Provided material →

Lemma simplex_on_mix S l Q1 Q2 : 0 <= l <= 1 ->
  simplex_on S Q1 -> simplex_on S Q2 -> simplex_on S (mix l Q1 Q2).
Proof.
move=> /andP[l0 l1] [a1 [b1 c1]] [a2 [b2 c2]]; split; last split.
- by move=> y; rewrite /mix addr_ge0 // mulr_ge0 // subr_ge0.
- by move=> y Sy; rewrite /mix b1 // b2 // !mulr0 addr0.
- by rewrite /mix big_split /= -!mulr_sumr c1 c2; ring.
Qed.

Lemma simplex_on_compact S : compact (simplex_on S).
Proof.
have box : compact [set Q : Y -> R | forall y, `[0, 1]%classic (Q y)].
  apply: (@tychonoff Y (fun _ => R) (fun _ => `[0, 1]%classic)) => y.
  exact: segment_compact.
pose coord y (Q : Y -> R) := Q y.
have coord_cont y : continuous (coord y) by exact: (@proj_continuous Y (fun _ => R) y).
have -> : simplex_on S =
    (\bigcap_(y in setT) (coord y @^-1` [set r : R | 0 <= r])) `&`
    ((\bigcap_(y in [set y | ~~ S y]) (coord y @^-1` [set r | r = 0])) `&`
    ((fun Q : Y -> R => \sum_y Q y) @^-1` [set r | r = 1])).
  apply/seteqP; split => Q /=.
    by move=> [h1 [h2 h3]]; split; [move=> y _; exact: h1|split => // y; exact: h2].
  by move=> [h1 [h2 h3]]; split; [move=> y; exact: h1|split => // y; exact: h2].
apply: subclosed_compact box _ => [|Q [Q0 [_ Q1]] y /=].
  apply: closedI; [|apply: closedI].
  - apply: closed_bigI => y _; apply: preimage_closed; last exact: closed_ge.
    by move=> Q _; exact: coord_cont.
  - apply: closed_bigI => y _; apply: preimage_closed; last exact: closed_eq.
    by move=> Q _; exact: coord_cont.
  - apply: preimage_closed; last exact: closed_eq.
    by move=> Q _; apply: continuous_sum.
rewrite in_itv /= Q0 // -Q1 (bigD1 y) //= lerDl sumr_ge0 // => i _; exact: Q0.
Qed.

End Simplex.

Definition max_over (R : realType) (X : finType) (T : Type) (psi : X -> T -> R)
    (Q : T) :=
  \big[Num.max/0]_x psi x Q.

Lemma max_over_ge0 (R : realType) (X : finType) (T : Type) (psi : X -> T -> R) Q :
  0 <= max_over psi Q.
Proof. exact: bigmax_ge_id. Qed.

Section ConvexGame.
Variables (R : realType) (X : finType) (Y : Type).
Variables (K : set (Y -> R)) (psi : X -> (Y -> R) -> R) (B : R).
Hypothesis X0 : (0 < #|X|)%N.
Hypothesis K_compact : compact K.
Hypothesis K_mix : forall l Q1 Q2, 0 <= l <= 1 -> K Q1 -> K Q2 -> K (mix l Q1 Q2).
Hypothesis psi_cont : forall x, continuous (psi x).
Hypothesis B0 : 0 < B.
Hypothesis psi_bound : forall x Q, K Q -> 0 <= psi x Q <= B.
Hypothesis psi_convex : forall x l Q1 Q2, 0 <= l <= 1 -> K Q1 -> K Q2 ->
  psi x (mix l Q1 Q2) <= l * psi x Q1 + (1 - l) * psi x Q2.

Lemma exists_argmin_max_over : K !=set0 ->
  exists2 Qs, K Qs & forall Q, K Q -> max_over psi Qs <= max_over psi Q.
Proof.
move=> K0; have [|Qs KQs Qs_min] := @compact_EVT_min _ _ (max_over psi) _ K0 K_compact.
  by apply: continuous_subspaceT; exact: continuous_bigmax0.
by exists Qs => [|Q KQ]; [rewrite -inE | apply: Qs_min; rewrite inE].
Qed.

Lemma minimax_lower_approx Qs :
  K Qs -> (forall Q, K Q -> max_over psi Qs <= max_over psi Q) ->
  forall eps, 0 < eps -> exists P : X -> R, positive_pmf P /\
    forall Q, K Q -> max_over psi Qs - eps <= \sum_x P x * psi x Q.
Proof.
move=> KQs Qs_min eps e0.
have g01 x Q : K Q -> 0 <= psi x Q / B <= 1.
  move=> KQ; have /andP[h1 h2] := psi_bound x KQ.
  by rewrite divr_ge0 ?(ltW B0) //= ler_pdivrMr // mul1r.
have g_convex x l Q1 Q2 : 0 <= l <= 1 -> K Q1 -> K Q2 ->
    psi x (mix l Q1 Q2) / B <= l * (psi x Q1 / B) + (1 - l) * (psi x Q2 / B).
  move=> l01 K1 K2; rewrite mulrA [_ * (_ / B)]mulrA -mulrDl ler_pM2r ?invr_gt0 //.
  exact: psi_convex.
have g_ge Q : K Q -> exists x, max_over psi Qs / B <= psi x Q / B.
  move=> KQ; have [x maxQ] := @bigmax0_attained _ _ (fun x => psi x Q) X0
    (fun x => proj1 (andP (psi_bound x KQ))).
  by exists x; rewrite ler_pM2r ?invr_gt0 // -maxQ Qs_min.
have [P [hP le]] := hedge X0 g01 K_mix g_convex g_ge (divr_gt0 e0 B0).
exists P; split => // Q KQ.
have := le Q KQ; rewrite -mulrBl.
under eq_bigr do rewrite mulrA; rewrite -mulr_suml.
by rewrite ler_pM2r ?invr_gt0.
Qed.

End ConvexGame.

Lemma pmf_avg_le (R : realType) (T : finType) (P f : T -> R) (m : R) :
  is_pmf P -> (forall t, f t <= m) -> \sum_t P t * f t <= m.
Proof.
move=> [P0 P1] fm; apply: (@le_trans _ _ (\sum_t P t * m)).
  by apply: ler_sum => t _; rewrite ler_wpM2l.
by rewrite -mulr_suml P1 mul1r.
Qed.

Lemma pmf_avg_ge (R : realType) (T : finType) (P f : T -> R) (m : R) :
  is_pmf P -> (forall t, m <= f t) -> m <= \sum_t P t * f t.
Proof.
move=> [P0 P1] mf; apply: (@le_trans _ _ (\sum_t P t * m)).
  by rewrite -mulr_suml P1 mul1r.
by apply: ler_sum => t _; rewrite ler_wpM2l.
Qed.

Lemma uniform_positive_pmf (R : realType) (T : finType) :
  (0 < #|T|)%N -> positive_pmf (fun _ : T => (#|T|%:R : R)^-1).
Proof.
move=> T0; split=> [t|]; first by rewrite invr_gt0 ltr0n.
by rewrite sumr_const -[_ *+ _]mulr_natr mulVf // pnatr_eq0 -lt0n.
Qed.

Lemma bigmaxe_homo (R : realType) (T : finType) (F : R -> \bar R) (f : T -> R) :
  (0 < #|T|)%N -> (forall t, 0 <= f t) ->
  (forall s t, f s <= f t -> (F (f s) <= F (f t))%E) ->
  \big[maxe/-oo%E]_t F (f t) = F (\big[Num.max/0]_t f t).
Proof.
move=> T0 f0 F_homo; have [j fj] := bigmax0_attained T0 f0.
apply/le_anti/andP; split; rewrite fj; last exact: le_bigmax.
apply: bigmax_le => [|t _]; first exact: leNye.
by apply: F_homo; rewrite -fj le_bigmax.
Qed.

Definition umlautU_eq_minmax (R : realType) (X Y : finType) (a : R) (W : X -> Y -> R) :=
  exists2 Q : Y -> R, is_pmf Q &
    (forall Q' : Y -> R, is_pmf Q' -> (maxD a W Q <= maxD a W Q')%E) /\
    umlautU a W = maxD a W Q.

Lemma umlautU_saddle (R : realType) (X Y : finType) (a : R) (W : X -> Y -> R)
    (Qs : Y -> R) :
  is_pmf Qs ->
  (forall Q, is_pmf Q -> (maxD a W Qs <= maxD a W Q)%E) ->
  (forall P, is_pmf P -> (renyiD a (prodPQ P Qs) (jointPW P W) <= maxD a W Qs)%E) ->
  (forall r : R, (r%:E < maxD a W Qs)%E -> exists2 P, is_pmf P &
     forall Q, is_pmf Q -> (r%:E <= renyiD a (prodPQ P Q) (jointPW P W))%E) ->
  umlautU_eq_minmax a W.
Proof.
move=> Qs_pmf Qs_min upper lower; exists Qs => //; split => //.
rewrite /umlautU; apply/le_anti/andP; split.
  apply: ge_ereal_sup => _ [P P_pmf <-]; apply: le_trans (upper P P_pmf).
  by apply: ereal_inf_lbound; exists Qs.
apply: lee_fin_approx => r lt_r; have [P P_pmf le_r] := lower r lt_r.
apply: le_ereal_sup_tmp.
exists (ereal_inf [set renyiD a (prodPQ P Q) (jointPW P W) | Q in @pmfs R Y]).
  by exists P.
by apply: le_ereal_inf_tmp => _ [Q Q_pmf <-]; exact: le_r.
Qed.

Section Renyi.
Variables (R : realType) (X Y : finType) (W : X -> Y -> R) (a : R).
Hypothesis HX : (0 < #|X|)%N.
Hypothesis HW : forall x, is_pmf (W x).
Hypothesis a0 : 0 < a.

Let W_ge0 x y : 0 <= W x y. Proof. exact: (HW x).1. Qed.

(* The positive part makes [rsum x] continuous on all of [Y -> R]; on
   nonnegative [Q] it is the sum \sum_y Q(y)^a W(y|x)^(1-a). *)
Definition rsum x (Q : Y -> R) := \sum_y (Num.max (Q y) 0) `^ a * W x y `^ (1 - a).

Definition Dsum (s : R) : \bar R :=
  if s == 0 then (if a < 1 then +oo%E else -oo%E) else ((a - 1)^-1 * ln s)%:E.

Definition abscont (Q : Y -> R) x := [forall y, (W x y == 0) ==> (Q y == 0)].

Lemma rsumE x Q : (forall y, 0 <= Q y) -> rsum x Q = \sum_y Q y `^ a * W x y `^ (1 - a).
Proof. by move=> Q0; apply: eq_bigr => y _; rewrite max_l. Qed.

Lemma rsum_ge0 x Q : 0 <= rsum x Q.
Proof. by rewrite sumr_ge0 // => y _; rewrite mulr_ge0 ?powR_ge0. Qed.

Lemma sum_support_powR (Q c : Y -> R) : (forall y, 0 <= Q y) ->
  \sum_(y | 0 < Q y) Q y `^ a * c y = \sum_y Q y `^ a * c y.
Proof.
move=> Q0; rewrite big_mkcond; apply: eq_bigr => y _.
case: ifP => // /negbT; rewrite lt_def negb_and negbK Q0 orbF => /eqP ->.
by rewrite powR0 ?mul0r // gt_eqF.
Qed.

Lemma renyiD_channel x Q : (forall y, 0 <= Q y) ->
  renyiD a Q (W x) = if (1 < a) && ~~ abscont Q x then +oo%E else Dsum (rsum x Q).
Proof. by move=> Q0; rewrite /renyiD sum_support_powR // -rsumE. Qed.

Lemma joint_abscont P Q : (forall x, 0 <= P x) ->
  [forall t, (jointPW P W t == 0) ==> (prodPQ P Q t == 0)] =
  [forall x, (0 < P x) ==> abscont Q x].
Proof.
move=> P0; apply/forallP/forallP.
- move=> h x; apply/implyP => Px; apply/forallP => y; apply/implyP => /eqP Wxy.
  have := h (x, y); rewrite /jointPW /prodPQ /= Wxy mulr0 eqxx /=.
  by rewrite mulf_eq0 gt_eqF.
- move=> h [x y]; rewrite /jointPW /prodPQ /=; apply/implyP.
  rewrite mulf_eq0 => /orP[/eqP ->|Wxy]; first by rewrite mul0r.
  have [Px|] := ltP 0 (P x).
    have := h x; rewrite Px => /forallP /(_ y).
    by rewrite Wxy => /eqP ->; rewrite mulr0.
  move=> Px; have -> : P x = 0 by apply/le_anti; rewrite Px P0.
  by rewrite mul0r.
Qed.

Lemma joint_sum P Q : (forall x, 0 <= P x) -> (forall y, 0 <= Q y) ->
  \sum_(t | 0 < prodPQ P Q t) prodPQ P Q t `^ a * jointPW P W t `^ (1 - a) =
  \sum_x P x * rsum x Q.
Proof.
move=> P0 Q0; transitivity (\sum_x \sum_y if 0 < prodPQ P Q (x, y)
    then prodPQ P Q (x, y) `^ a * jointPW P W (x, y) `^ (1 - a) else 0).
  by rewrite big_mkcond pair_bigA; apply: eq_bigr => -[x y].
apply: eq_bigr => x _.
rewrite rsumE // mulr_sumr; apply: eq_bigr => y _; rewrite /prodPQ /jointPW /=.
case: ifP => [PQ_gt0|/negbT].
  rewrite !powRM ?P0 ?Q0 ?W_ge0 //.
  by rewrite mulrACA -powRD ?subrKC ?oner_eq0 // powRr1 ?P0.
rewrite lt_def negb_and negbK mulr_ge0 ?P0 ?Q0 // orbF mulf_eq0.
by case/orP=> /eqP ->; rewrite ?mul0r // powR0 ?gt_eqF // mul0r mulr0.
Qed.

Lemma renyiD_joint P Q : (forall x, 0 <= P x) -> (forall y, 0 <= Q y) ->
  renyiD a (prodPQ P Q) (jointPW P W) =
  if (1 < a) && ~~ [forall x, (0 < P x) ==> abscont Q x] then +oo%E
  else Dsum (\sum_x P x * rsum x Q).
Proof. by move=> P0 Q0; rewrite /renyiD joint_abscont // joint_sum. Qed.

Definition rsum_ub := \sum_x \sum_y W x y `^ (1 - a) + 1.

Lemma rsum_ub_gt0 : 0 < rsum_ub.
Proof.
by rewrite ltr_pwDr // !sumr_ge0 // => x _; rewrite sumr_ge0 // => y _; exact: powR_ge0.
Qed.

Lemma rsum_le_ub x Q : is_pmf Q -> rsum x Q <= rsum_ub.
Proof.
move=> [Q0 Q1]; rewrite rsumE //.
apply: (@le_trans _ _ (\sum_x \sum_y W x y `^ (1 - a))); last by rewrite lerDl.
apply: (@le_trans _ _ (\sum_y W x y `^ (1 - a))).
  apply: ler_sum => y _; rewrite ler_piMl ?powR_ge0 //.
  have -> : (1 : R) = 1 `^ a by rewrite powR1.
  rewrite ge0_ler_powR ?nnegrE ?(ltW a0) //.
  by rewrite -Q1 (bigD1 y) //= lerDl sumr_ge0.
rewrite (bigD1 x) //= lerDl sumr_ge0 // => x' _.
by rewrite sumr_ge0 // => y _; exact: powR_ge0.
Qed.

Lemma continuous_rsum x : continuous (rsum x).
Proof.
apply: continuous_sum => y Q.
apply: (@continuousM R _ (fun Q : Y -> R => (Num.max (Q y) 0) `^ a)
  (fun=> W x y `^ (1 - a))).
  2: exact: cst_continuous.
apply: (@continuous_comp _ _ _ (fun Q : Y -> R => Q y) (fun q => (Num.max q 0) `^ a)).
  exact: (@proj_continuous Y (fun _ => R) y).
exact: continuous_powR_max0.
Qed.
--
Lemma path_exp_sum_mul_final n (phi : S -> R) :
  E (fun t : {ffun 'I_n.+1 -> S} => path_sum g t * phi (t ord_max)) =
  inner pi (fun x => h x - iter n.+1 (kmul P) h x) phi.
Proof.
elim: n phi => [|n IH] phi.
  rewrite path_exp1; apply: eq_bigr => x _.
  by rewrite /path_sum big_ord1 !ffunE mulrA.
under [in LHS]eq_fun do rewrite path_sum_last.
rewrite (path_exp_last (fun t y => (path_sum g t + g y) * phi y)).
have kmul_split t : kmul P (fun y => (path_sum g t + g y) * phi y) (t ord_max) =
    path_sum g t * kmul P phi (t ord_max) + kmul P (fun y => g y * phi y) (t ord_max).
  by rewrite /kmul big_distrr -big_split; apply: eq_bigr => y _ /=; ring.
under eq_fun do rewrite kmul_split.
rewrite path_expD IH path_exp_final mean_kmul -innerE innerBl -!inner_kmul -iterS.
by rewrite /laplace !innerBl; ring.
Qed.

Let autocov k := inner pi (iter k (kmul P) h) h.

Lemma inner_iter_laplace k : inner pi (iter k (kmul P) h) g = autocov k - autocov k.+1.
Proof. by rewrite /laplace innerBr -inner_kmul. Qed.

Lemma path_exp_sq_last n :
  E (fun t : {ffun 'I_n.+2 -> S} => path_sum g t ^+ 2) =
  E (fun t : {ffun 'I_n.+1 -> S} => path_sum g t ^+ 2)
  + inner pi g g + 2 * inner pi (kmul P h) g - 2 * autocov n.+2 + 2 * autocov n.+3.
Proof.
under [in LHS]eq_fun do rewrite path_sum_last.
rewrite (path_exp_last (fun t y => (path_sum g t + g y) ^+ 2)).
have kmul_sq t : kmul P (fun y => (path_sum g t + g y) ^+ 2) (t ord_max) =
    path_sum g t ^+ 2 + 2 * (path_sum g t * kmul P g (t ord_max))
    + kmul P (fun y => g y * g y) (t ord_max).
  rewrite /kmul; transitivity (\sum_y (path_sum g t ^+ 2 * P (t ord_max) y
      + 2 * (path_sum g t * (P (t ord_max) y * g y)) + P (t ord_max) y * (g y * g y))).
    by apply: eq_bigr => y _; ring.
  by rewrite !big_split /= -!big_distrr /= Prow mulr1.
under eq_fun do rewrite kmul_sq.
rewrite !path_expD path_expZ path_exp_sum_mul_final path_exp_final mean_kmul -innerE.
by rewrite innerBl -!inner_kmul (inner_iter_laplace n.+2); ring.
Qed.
--
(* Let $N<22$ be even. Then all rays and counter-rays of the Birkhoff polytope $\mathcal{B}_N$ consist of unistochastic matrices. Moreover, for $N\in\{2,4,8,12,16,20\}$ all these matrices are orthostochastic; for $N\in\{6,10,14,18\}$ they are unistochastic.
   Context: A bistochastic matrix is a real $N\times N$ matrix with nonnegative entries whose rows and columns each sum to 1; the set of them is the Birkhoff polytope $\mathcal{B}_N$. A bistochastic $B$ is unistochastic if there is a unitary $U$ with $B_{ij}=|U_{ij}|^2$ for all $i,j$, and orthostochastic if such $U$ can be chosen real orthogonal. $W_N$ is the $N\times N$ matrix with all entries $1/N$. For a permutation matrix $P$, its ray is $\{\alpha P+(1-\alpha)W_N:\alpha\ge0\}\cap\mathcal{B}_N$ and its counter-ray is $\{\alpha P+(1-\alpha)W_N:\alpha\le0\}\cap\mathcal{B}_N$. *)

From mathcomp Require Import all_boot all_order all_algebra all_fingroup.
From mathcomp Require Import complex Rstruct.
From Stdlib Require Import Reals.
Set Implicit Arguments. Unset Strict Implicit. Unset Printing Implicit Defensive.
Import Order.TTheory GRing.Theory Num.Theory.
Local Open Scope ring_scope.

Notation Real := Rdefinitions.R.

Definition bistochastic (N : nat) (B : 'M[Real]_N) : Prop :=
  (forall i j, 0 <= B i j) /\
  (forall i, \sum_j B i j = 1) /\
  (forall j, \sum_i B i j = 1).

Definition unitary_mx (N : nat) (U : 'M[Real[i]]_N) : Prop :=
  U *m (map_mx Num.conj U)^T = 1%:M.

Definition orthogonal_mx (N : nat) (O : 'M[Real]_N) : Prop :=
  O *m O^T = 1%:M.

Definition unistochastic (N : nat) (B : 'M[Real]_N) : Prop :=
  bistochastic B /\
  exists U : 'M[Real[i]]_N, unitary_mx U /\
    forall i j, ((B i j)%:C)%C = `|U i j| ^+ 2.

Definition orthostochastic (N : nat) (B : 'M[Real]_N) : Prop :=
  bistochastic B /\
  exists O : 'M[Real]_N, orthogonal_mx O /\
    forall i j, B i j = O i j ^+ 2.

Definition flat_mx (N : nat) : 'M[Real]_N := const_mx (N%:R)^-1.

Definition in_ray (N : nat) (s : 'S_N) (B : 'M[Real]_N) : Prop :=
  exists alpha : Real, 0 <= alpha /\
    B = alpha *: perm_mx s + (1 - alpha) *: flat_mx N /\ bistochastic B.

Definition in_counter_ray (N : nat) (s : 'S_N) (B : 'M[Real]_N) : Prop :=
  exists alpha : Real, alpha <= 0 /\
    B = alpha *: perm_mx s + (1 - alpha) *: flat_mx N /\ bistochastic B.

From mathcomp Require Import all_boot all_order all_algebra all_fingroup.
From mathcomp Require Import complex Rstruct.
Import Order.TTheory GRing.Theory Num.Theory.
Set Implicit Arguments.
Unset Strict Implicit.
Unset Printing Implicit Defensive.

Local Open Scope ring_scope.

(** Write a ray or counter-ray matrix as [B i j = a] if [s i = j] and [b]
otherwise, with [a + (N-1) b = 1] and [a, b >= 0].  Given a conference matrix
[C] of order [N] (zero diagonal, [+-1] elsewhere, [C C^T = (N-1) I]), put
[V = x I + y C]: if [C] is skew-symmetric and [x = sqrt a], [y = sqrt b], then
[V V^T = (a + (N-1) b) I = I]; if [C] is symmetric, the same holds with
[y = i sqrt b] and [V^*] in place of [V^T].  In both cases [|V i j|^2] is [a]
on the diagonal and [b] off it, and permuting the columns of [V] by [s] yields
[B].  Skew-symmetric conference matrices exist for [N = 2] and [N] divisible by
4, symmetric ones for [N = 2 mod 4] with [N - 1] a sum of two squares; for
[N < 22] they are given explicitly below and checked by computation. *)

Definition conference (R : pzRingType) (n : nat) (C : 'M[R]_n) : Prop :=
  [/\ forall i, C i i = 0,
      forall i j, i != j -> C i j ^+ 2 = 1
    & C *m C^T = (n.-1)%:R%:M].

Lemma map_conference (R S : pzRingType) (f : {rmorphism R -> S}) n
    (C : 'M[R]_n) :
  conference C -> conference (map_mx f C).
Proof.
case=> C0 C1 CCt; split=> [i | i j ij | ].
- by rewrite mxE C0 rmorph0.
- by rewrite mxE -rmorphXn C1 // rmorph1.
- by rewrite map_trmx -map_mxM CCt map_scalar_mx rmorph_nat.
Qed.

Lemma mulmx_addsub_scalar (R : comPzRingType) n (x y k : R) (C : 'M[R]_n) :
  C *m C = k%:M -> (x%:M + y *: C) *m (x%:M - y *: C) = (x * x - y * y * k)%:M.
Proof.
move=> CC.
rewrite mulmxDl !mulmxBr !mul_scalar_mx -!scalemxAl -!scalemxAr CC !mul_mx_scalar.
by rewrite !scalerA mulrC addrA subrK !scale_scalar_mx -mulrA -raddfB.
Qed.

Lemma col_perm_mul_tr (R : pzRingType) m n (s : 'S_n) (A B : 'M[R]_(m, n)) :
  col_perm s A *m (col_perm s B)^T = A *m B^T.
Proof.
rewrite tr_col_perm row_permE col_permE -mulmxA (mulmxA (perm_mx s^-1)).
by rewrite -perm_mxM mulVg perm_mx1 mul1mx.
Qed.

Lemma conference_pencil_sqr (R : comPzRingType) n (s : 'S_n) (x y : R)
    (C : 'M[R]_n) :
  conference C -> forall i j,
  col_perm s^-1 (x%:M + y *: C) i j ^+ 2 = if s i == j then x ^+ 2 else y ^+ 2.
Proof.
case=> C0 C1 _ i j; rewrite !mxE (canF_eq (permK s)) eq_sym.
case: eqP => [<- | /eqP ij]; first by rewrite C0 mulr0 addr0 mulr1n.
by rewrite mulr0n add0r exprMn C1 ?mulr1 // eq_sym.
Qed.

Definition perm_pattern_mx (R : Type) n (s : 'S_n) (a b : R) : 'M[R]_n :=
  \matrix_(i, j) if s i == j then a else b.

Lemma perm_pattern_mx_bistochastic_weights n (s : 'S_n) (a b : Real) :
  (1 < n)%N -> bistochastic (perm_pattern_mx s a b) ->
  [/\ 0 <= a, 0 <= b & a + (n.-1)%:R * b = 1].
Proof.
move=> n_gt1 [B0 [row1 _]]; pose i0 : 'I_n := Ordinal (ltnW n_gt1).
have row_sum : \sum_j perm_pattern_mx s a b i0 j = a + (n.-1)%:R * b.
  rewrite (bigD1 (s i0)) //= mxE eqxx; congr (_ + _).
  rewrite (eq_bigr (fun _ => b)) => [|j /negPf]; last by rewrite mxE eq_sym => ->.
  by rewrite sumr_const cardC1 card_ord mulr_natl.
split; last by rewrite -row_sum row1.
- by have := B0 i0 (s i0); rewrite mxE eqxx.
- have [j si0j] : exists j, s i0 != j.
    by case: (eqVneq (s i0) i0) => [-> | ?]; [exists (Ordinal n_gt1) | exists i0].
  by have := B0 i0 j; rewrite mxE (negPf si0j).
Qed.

Exercise description →
Look above for the line that contains "have := h x;". Starting there, transcribe every line exactly until you have copied the line that contains "apply: (@le_trans _ _ (\sum_y".

Your solution →
    have := h x; rewrite Px => /forallP /(_ y).
    by rewrite Wxy => /eqP ->; rewrite mulr0.
  move=> Px; have -> : P x = 0 by apply/le_anti; rewrite Px P0.
  by rewrite mul0r.
Qed.

Lemma joint_sum P Q : (forall x, 0 <= P x) -> (forall y, 0 <= Q y) ->
  \sum_(t | 0 < prodPQ P Q t) prodPQ P Q t `^ a * jointPW P W t `^ (1 - a) =
  \sum_x P x * rsum x Q.
Proof.
move=> P0 Q0; transitivity (\sum_x \sum_y if 0 < prodPQ P Q (x, y)
    then prodPQ P Q (x, y) `^ a * jointPW P W (x, y) `^ (1 - a) else 0).
  by rewrite big_mkcond pair_bigA; apply: eq_bigr => -[x y].
apply: eq_bigr => x _.
rewrite rsumE // mulr_sumr; apply: eq_bigr => y _; rewrite /prodPQ /jointPW /=.
case: ifP => [PQ_gt0|/negbT].
  rewrite !powRM ?P0 ?Q0 ?W_ge0 //.
  by rewrite mulrACA -powRD ?subrKC ?oner_eq0 // powRr1 ?P0.
rewrite lt_def negb_and negbK mulr_ge0 ?P0 ?Q0 // orbF mulf_eq0.
by case/orP=> /eqP ->; rewrite ?mul0r // powR0 ?gt_eqF // mul0r mulr0.
Qed.

Lemma renyiD_joint P Q : (forall x, 0 <= P x) -> (forall y, 0 <= Q y) ->
  renyiD a (prodPQ P Q) (jointPW P W) =
  if (1 < a) && ~~ [forall x, (0 < P x) ==> abscont Q x] then +oo%E
  else Dsum (\sum_x P x * rsum x Q).
Proof. by move=> P0 Q0; rewrite /renyiD joint_abscont // joint_sum. Qed.

Definition rsum_ub := \sum_x \sum_y W x y `^ (1 - a) + 1.

Lemma rsum_ub_gt0 : 0 < rsum_ub.
Proof.
by rewrite ltr_pwDr // !sumr_ge0 // => x _; rewrite sumr_ge0 // => y _; exact: powR_ge0.
Qed.

Lemma rsum_le_ub x Q : is_pmf Q -> rsum x Q <= rsum_ub.
Proof.
move=> [Q0 Q1]; rewrite rsumE //.
apply: (@le_trans _ _ (\sum_x \sum_y W x y `^ (1 - a))); last by rewrite lerDl.
apply: (@le_trans _ _ (\sum_y W x y `^ (1 - a))).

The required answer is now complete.